Chapter 21 of 25 · 3835 words · ~19 min read

Part 21

Then one day McGivney sent an automobile, and Peter was brought to Guffey’s office, and a new plan was unfolded to him. They had arrested another bunch of “wobblies” in the neighboring city of Eldorado, and Peter was wanted there to repeat his testimony. It happened that he knew one of the accused men, and that would be sufficient to get his testimony in--his prize stuff about the burning barns and the phosphorus bombs. He would be taken care of just as thoroughly by the district attorney’s office of Eldorado County; or better yet, Guffey would write to his friend Steve Ellman, who did the detective work for the Home and Fireside Association, the big business organization of that city.

Peter hemmed and hawed. This was a pretty hard and dangerous kind of work, it really played the devil with a man’s nerves, sitting up there in the hotel room all day, with nothing to do but smoke cigarettes and imagine the “wobblies” throwing bombs at you.

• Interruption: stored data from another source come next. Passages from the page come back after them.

Lemma mix_bases B B' : B \in Bs -> B' \in Bs -> (B :&: D) :|: (B' :&: D') \in Bs.
Proof.
case: matroidBs => _ [sub ex]; move=> BBs B'Bs.
elim: {B}_.+1 {-2}B (ltnSn #|(B :&: D') :\: B'|) BBs => // m IHm B.
case: (set_0Vmem ((B :&: D') :\: B')) => [e0 _ BBs|[x xBD'B'] hm BBs].
  by rewrite mix_bases_id // -setD_eq0 e0.
move/setDP: (xBD'B') => [/setIP [xB xD'] xB'].
have xBB' : x \in B :\: B' by apply/setDP.
have [y /setDP [yB' yB] yBs] := ex _ _ BBs B'Bs x xBB'.
have exy : exchangeable x y by apply/exchangeableP; exists B.
have [xD yD] : x \notin D /\ y \notin D.
  by move: xD'; rewrite inE -(closedD exy) => /andP [].
have -> : B :&: D = (y |: (B :\ x)) :&: D.
  apply/setP => z; rewrite !inE; case: (eqVneq z y) => [->|_]; first by rewrite (negPf yD) andbF.
  by case: (eqVneq z x) => [->|//]; rewrite (negPf xD) andbF.
apply: IHm yBs; rewrite -ltnS (leq_trans _ hm) // ltnS.
rewrite (cardsD1 x ((B :&: D') :\: B')) xBD'B' ltnS.
apply: subset_leq_card; apply/subsetP => z; rewrite !inE; case: (eqVneq z y) => [->|_ /=].
  by rewrite yB'.
by case/and4P=> -> /andP [-> ->] -> ->.
Qed.

End ClosedSide.

Definition restr_bases (D : {set 'I_n}) := [set B :&: D | B in Bs].

Lemma restr_bases_matroid (D D' : {set 'I_n}) :
  (forall B B', B \in Bs -> B' \in Bs -> (B :&: D) :|: (B' :&: D') \in Bs) ->
  (forall u v, exchangeable u v -> u \in D -> v \in D) -> [disjoint D & D'] ->
  is_matroid D (restr_bases D).
Proof.
move=> mixBs closedD disDD'; case: matroidBs => [ne [sub ex]]; split; [|split].
- by case/set0Pn: ne => B0 B0Bs; apply/set0Pn; exists (B0 :&: D); apply: imset_f.
- by move=> X /imsetP [B _ ->]; apply: subsetIr.
move=> X1 X2 /imsetP [B1 B1Bs ->] /imsetP [B2 B2Bs ->] x.
move/setDP => [/setIP [xB1 xD] xn].
have xB2 : x \notin B2 by apply: contra xn => xB2; apply/setIP.
set C := (B1 :&: D) :|: (B2 :&: D').
have CBs : C \in Bs by apply: mixBs.
have xC : x \in C :\: B2 by rewrite !inE xB1 xD xB2.
have [y /setDP [yB2 yC] yCBs] := ex _ _ CBs B2Bs x xC.
have exy : exchangeable x y by apply/exchangeableP; exists C; case/setDP: xC.
have yD := closedD _ _ exy xD.
exists y; first by rewrite !inE yD yB2 !andbT; apply: contra yC => yB1; rewrite !inE yB1 yD.
apply/imsetP; exists (y |: (C :\ x)) => //; apply/setP => z; rewrite !inE.
case: (eqVneq z y) => [->|zy] /=; first by rewrite yD.
case zD : (z \in D); last by rewrite !andbF.
by rewrite (disjointFr disDD' zD) !andbF !orbF !andbT.
Qed.

Lemma closed_decomposition (D : {set 'I_n}) :
  (forall u v, exchangeable u v -> (u \in D) = (v \in D)) -> D \subset E ->
  [/\ is_matroid D (restr_bases D), is_matroid (E :\: D) (restr_bases (E :\: D))
    & Bs = direct_sum (restr_bases D) (restr_bases (E :\: D))].
Proof.
move=> closedD DE; case: (matroidBs) => _ [sub _]; split.
- apply: (@restr_bases_matroid D (E :\: D)); first exact: mix_bases.
    by move=> u v /closedD ->.
  by rewrite disjoints_subset; apply/subsetP => z zD; rewrite !inE zD.
- apply: (@restr_bases_matroid (E :\: D) D).
  + by move=> B B' BBs B'Bs; rewrite setUC; apply: mix_bases.
  + move=> u v exuv; rewrite !inE (closedD _ _ exuv) => /andP [-> _].
    by case/andP: (exchangeable_mem exuv).
  by rewrite disjoints_subset; apply/subsetP => z; rewrite !inE => /andP [].
apply/setP => B; apply/idP/imset2P => [BBs|[_ _ /imsetP [B1 B1Bs ->] /imsetP [B2 B2Bs ->] ->]].
  exists (B :&: D) (B :&: (E :\: D)); try by apply: imset_f.
  apply/setP => z; rewrite !inE; have := subsetP (sub _ BBs) z.
  by case: (z \in B); case: (z \in D); case: (z \in E) => // /(_ isT).
exact: mix_bases.
Qed.

End ExchangeGraph.

(* The elements exchange-connected to [a] form a side of a direct-sum
   decomposition, which must then be trivial. *)
Lemma connected_matroid_connect n (E : {set 'I_n}) Bs a c :
  connected_matroid E Bs -> a \in E -> c \in E -> connect (exchangeable Bs) a c.
Proof.
move=> [matroidBs indec] aE cE; apply/negPn/negP => nac.
pose D := [set x in E | connect (exchangeable Bs) a x].
have closedD u v : exchangeable Bs u v -> (u \in D) = (v \in D).
  move=> exuv; rewrite !inE; case/andP: (exchangeable_mem matroidBs exuv) => -> ->.
  apply/idP/idP => h; first exact: connect_trans h (connect1 exuv).
  exact: connect_trans h (connect1 (exchangeable_sym exuv)).
have DE : D \subset E by apply/subsetP => z; rewrite inE => /andP [].
apply: indec; exists D, (E :\: D), (restr_bases Bs D), (restr_bases Bs (E :\: D)); split.
- by apply/set0Pn; exists a; rewrite inE aE connect0.
- by apply/set0Pn; exists c; rewrite !inE cE andbT nac.
- by rewrite disjoints_subset; apply/subsetP => z zD; rewrite in_setC in_setD zD.
- by rewrite -{1}(setIidPr DE) setID.
- by case: (closed_decomposition matroidBs closedD DE).
Qed.

(** * A square face of a disconnected matroid polytope *)

Lemma connect_switch (T : finType) (e : rel T) (P : pred T) a c :
  connect e a c -> P a != P c -> exists u v, e u v /\ P u != P v.
Proof.
move/connectP => [p pth ->]; elim: p a pth => [|y p IHp] a /=; first by rewrite eqxx.
case/andP => ay pth; case: (eqVneq (P a) (P y)) => [-> | ne _]; first exact: IHp.
by exists a, y.
Qed.

Definition between n (u v z : 'I_n) : bool := (minn u v < z < maxn u v)%N.

Lemma cyclic_order_neq n (a b c d : 'I_n) : cyclic_order a b c d ->
  [/\ a != b, a != c, a != d, b != c & [/\ b != d & c != d]].
Proof.
rewrite /cyclic_order => /or4P [] /and3P [h1 h2 h3].
all: by rewrite -!val_eqE /=; repeat split; apply/eqP; lia.
Qed.

Lemma cyclic_order_between n (a b c d : 'I_n) :
  cyclic_order a b c d -> between b d a != between b d c.
Proof.
rewrite /cyclic_order /between => /or4P [] /and3P [h1 h2 h3].
all: by apply/negP => /eqP; lia.
Qed.

Section Crossing.
Variables (n : nat) (u v x y : 'I_n).
Hypothesis neq : [/\ u != v, x != y & [/\ u != x, u != y, v != x & v != y]].

Lemma between_sym : between u v x != between u v y -> between x y u != between x y v.
Proof.
case: neq; rewrite -!val_eqE /= /between => /eqP ? /eqP ? [/eqP ? /eqP ? /eqP ? /eqP ?].
by move=> /eqP h; apply/negP => /eqP h'; lia.
Qed.

Lemma between_cyclic_order :
  between u v x != between u v y -> cyclic_order u x v y \/ cyclic_order u y v x.
Proof.
case: neq; rewrite -!val_eqE /= /between /cyclic_order.
move=> /eqP ? /eqP ? [/eqP ? /eqP ? /eqP ? /eqP ?] /eqP h.
case: (ltngtP u v) => uv; last lia.
all: case: (ltnP x u) => xu; case: (ltnP x v) => xv; case: (ltnP y u) => yu; case: (ltnP y v) => yv.
all: try (left; apply/or4P; lia); try (right; apply/or4P; lia); lia.
Qed.

End Crossing.
Lemma maximal_point_above (G : X) : L SNeg -> exists M : X, maximal_filter H S (pt M) /\ Xle G M.
Proof.
  intros LN.
  destruct (exists_maximal_filter H S L HS HL (pt G) LN (pt_filter H S G) (pt_nobot H S G))
    as [M [HM [MM GM]]].
  exists (exist _ M HM). split; [exact MM | exact GM].
Qed.

(* Without implication, a positive formula only looks at [F] itself and at maximal points. *)
Lemma positive_below_V (W : nat -> X -> Prop) : L SNeg -> ~ L SImp -> below_V_at_maximal W ->
  forall p, positive p -> in_lang L p -> upval W p F -> upval V p F.
Proof.
  intros LN NI [HW [WVmax WVF]] p. unfold positive.
  induction p; simpl; intros Pp Lp; try tauto.
  - apply WVF.
  - intros Hi [G [FG [Gp _]]]. apply Hi.
    destruct (maximal_point_above G LN) as [M [HM GM]].
    exists M. split; [exact (Xle_trans H S _ _ _ FG GM) | split; [| intros []]].
    apply (upval_polar_mono_at_maximal H S W V HW HV WVmax p false Pp M HM).
    exact (upval_upset H S V p HV G M Gp GM).
Qed.

Lemma impl_refutable_neg : L SNeg -> ~ L SImp ->
  forall f, sahl_impl f -> in_lang L f -> ~ upval V f F ->
  refutable below_V_at_maximal witness_neg f.
Proof.
  intros LN NI f [Pf | [[g [-> Ag]] | [g [h [-> _]]]]] Hf NF.
  - exists (fun _ => []). apply refuted_by_nil. intros W AW Wf.
    exact (NF (positive_below_V W LN NI AW f Pf Hf Wf)).
  - apply NNPP in NF as [G [FG [Gg _]]].
    destruct (maximal_point_above G LN) as [M [HM GM]].
    assert (FM : Xle F M) by exact (Xle_trans H S _ _ _ FG GM).
    destruct (antecedent_support g M Ag (upval_upset H S V g HV G M Gg GM)) as [vs [Vvs Wvs]].
    exists (single_witness vs M). split.
    + intros n K I. apply in_single_witness in I as [E ->]. split; [exact FM | split; auto].
    + intros W [HW [WVmax WVF]] Wws Hi. apply Hi.
      exists M. split; [exact FM | split; [| intros []]].
      apply Wvs; [intros n E; apply Wws, in_single_witness; auto |].
      intros c Nc. exact (upval_polar_mono_at_maximal H S W V HW HV WVmax c false Nc M HM).
  - destruct Hf as [LI _]. contradiction.
Qed.
(* Let $V:\mathbb R\to\mathbb R$ be smooth and $\alpha_{11},\alpha_{13},\alpha_{33},\beta\in\mathbb R$. Let $u_h,v_h,w_h$ be continuously differentiable in $t$ with values in $V_h$ and satisfy, for every $j$ and all $\varphi_1,\varphi_2,\varphi_3\in V_h$, $$-\int_{I_j}\partial_tv_h\varphi_1dx-\int_{I_j}w_h\partial_x\varphi_1dx+(\widehat{w_h}\varphi_1^-)_{j+\frac12}-(\widehat{w_h}\varphi_1^+)_{j-\frac12}=-\int_{I_j}V'(u_h)\varphi_1dx,$$ $$\int_{I_j}\partial_tu_h\varphi_2dx+(\widehat{v_h}\varphi_2^-)_{j+\frac12}-(\widehat{v_h}\varphi_2^+)_{j-\frac12}=\int_{I_j}v_h\varphi_2dx,$$ $$\int_{I_j}u_h\partial_x\varphi_3dx-(\widehat{u_h}\varphi_3^-)_{j+\frac12}+(\widehat{u_h}\varphi_3^+)_{j-\frac12}=-\int_{I_j}w_h\varphi_3dx,$$ with interface fluxes $\widehat{w_h}=\{w_h\}+\alpha_{11}[u_h]+\alpha_{13}[w_h]-\beta\,\partial_t[v_h]$, $\widehat{v_h}=\beta\,\partial_t[u_h]$, $\widehat{u_h}=\{u_h\}-\alpha_{13}[u_h]-\alpha_{33}[w_h]$. Then the discrete energy $$\mathcal E_h=\int_\Omega\Big(\tfrac12(v_h^2+w_h^2)-V(u_h)\Big)dx+\tfrac12\sum_j\big(\alpha_{11}[u_h]^2-\alpha_{33}[w_h]^2\big)_{j+\frac12}$$ is constant in time.
   Context: This is a DG discretization of the Hamiltonian wave equation $u_{tt}-u_{xx}=V'(u)$, written as $-v_t+w_x=-V'(u)$, $u_t=v$, $-u_x=-w$. Mesh and spaces: a one-dimensional domain $\Omega$ is partitioned into cells $I_j=[x_{j-1/2},x_{j+1/2}]$, $j=1,\dots,N$, with periodic boundary conditions (interface indices modulo $N$). For fixed $k\ge0$, $V_h=\{v\in L^2(\Omega): v|_{I_j}\text{ is a polynomial of degree}\le k\ \forall j\}$. For $v\in V_h$, $v^\pm_{j+1/2}$ are its right/left limits at $x_{j+1/2}$, $\{v\}=\frac12(v^++v^-)$, $[v]=v^+-v^-$; subscript $j\pm\frac12$ denotes evaluation at $x_{j\pm1/2}$. *)

From Stdlib Require Import Reals Lra Lia Arith.
From Coquelicot Require Import Coquelicot.
Open Scope R_scope.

Also, it wouldn’t last very long; it ought to be better paid. Guffey answered that Peter needn’t worry about the job’s lasting; if he cared to give this testimony, he might have a joy ride from one end of the country to the other, and everywhere he would live on the fat of the land, and be a hero in the newspapers.

But still Peter hemmed and hawed. He had learned from the American City “Times” how valuable a witness he was, and he ventured to demand his price, even from the terrible Guffey; he stuck it out, in spite of Guffey’s frowns, and the upshot was that Guffey said, All right, if Peter would take the trip he might have seventy-five dollars a week and expenses, and Guffey would guarantee to keep him busy for not less than six months.

Section 76

So Peter went to Eldorado, and helped to send eleven men to the penitentiary for periods varying from three to fourteen years. Then he went to Flagland, and testified in three different trials, and added seven more scalps to his belt. By this time he got to realize that the worst the Reds could do was to make faces at him and show the teeth of trapped rats. He learned to take his profession more easily, and would sometimes venture to go out for an evening’s pleasure without his guards. When he was hidden in the country he would take long walks regardless of the thousands of blood-thirsty Reds on his trail.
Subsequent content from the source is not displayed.